● DATA SUPPLIED

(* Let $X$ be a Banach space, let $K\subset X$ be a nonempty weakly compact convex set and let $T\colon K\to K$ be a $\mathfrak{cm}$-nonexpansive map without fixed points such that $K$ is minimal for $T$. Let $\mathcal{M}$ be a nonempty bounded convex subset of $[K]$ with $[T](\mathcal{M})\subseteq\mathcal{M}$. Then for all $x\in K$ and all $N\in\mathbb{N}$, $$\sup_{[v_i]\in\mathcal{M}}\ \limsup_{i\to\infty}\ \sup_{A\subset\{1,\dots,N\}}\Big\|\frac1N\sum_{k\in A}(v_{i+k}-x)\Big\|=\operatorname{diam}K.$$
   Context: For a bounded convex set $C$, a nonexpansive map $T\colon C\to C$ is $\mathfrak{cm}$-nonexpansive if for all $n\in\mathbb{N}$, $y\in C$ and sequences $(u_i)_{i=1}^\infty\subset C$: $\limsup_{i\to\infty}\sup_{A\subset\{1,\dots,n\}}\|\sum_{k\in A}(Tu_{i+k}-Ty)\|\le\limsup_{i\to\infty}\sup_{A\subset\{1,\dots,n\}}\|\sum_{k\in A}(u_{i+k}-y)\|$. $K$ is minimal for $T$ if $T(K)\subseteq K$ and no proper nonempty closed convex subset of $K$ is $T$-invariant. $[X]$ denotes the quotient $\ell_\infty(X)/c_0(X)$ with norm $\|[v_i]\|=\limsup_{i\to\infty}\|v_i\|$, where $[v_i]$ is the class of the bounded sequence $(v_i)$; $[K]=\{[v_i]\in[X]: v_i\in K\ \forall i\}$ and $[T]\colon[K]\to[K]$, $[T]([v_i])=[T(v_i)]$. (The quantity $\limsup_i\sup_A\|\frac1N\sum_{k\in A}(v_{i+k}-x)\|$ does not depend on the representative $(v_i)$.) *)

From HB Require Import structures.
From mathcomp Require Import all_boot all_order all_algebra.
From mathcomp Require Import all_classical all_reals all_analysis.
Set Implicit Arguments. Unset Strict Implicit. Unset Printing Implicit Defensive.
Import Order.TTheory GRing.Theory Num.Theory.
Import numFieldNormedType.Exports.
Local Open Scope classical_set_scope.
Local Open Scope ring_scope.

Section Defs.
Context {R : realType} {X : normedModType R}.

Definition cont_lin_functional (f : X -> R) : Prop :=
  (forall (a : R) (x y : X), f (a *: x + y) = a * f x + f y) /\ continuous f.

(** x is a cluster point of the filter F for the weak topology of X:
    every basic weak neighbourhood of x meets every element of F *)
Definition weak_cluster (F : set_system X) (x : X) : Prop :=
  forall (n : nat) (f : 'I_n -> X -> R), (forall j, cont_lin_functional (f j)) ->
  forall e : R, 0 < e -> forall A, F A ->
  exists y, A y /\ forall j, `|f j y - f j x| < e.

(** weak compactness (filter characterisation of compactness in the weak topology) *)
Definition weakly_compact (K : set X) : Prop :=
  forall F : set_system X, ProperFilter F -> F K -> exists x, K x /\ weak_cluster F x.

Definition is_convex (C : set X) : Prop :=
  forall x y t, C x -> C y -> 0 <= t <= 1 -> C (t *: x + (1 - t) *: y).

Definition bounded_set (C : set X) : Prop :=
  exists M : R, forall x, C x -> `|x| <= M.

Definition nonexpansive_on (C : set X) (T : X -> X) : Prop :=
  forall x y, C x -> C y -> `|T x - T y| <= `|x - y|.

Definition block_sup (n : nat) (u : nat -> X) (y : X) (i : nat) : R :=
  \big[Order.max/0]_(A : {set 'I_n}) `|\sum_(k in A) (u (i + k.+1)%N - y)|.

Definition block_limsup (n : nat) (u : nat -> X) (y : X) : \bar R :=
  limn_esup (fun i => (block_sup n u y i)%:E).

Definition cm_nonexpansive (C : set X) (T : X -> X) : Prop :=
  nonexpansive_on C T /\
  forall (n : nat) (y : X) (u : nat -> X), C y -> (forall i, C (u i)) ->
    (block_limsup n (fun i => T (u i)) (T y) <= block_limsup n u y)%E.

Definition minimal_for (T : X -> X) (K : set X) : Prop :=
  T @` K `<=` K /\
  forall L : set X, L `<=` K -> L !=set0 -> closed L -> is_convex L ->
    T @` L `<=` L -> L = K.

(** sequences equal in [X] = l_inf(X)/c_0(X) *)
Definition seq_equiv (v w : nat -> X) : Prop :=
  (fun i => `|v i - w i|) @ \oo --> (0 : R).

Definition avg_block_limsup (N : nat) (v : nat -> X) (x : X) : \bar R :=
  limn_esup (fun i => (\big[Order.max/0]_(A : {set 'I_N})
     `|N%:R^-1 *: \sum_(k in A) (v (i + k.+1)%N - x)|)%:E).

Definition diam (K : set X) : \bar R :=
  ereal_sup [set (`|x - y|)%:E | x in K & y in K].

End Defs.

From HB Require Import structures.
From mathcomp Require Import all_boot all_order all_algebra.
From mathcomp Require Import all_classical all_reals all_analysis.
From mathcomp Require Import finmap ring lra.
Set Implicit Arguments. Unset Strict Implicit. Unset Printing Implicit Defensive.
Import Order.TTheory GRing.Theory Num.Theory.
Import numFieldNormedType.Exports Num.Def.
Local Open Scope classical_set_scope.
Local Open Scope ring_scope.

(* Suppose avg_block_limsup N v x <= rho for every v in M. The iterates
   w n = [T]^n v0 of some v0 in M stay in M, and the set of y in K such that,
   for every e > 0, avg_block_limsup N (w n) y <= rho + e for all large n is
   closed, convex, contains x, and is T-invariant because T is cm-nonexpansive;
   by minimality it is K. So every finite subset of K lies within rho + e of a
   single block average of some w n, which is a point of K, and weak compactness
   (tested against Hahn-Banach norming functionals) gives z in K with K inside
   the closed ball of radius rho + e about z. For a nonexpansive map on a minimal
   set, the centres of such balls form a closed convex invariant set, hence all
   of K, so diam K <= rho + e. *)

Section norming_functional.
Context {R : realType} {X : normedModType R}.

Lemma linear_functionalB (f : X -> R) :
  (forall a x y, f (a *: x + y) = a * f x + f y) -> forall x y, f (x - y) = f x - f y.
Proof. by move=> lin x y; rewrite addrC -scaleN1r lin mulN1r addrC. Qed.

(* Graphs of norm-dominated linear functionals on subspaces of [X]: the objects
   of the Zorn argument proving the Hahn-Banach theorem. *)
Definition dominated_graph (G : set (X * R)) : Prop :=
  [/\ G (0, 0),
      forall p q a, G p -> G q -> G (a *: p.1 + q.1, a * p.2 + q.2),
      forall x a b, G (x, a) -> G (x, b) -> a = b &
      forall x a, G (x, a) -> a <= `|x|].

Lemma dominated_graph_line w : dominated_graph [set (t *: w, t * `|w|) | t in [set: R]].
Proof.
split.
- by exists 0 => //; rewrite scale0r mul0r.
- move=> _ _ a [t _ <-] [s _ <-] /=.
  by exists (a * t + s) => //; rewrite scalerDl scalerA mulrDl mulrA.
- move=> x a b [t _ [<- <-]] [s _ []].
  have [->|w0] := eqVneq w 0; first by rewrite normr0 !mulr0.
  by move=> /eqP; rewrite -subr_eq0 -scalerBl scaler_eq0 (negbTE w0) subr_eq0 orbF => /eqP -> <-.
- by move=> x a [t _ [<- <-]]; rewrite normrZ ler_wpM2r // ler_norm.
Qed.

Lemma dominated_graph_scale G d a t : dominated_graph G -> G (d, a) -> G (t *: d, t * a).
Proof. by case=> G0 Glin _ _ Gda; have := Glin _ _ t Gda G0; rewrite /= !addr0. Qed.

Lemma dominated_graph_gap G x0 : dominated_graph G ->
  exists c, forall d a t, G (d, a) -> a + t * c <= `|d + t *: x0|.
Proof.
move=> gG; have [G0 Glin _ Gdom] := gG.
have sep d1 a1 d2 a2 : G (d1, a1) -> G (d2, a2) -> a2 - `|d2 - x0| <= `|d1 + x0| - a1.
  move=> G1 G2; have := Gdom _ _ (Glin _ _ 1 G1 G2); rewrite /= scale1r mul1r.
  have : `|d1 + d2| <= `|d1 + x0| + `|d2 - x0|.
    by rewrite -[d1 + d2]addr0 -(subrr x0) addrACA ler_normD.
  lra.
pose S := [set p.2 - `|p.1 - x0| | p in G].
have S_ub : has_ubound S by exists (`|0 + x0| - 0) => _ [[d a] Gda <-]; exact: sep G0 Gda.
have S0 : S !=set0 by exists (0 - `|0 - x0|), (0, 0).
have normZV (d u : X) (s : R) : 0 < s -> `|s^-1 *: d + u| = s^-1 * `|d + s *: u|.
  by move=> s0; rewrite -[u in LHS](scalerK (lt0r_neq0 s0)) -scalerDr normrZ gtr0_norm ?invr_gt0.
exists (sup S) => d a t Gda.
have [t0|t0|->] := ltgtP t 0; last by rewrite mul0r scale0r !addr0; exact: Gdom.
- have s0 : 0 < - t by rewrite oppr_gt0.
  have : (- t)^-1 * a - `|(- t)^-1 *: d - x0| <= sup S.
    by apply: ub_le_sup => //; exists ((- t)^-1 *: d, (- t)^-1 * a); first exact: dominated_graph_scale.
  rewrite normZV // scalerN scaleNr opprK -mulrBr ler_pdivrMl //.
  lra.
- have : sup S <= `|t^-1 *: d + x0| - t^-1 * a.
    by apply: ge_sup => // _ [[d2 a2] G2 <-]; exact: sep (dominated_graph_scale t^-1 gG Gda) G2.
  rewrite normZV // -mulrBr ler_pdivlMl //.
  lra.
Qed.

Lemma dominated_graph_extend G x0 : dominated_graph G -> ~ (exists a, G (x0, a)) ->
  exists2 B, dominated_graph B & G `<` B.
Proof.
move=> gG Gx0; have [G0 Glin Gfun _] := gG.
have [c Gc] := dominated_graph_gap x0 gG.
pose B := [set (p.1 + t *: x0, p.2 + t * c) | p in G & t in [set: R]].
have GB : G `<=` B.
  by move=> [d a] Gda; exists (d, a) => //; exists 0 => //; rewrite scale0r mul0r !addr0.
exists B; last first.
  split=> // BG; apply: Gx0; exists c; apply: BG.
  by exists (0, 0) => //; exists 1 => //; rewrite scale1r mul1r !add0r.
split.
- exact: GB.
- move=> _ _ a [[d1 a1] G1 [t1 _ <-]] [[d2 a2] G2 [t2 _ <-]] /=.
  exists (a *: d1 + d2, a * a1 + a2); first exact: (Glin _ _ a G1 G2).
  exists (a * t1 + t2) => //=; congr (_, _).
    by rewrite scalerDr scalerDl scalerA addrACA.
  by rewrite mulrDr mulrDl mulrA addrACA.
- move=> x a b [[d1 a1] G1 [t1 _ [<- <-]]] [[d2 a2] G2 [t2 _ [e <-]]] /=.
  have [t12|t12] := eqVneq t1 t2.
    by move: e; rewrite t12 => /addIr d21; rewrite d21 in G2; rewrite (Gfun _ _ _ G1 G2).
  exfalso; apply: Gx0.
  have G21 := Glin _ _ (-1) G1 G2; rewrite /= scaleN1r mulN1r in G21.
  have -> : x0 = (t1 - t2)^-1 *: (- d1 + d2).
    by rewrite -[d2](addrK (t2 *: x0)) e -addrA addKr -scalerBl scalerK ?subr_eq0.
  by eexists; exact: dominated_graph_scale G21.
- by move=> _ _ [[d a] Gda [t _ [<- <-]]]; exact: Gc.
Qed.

● PROBLEM REQUIREMENTS
All lines in the data above from the one with "- move=> x a b [t _ [<- <-]] [s _ []]." through the one with "pose S := [set" must be repeated exactly, and no others.

● RESULT BELOW
- move=> x a b [t _ [<- <-]] [s _ []].
  have [->|w0] := eqVneq w 0; first by rewrite normr0 !mulr0.
  by move=> /eqP; rewrite -subr_eq0 -scalerBl scaler_eq0 (negbTE w0) subr_eq0 orbF => /eqP -> <-.
- by move=> x a [t _ [<- <-]]; rewrite normrZ ler_wpM2r // ler_norm.
Qed.

Lemma dominated_graph_scale G d a t : dominated_graph G -> G (d, a) -> G (t *: d, t * a).
Proof. by case=> G0 Glin _ _ Gda; have := Glin _ _ t Gda G0; rewrite /= !addr0. Qed.

Lemma dominated_graph_gap G x0 : dominated_graph G ->
  exists c, forall d a t, G (d, a) -> a + t * c <= `|d + t *: x0|.
Proof.
move=> gG; have [G0 Glin _ Gdom] := gG.
have sep d1 a1 d2 a2 : G (d1, a1) -> G (d2, a2) -> a2 - `|d2 - x0| <= `|d1 + x0| - a1.
  move=> G1 G2; have := Gdom _ _ (Glin _ _ 1 G1 G2); rewrite /= scale1r mul1r.
  have : `|d1 + d2| <= `|d1 + x0| + `|d2 - x0|.
    by rewrite -[d1 + d2]addr0 -(subrr x0) addrACA ler_normD.
  lra.
pose S := [set p.2 - `|p.1 - x0| | p in G].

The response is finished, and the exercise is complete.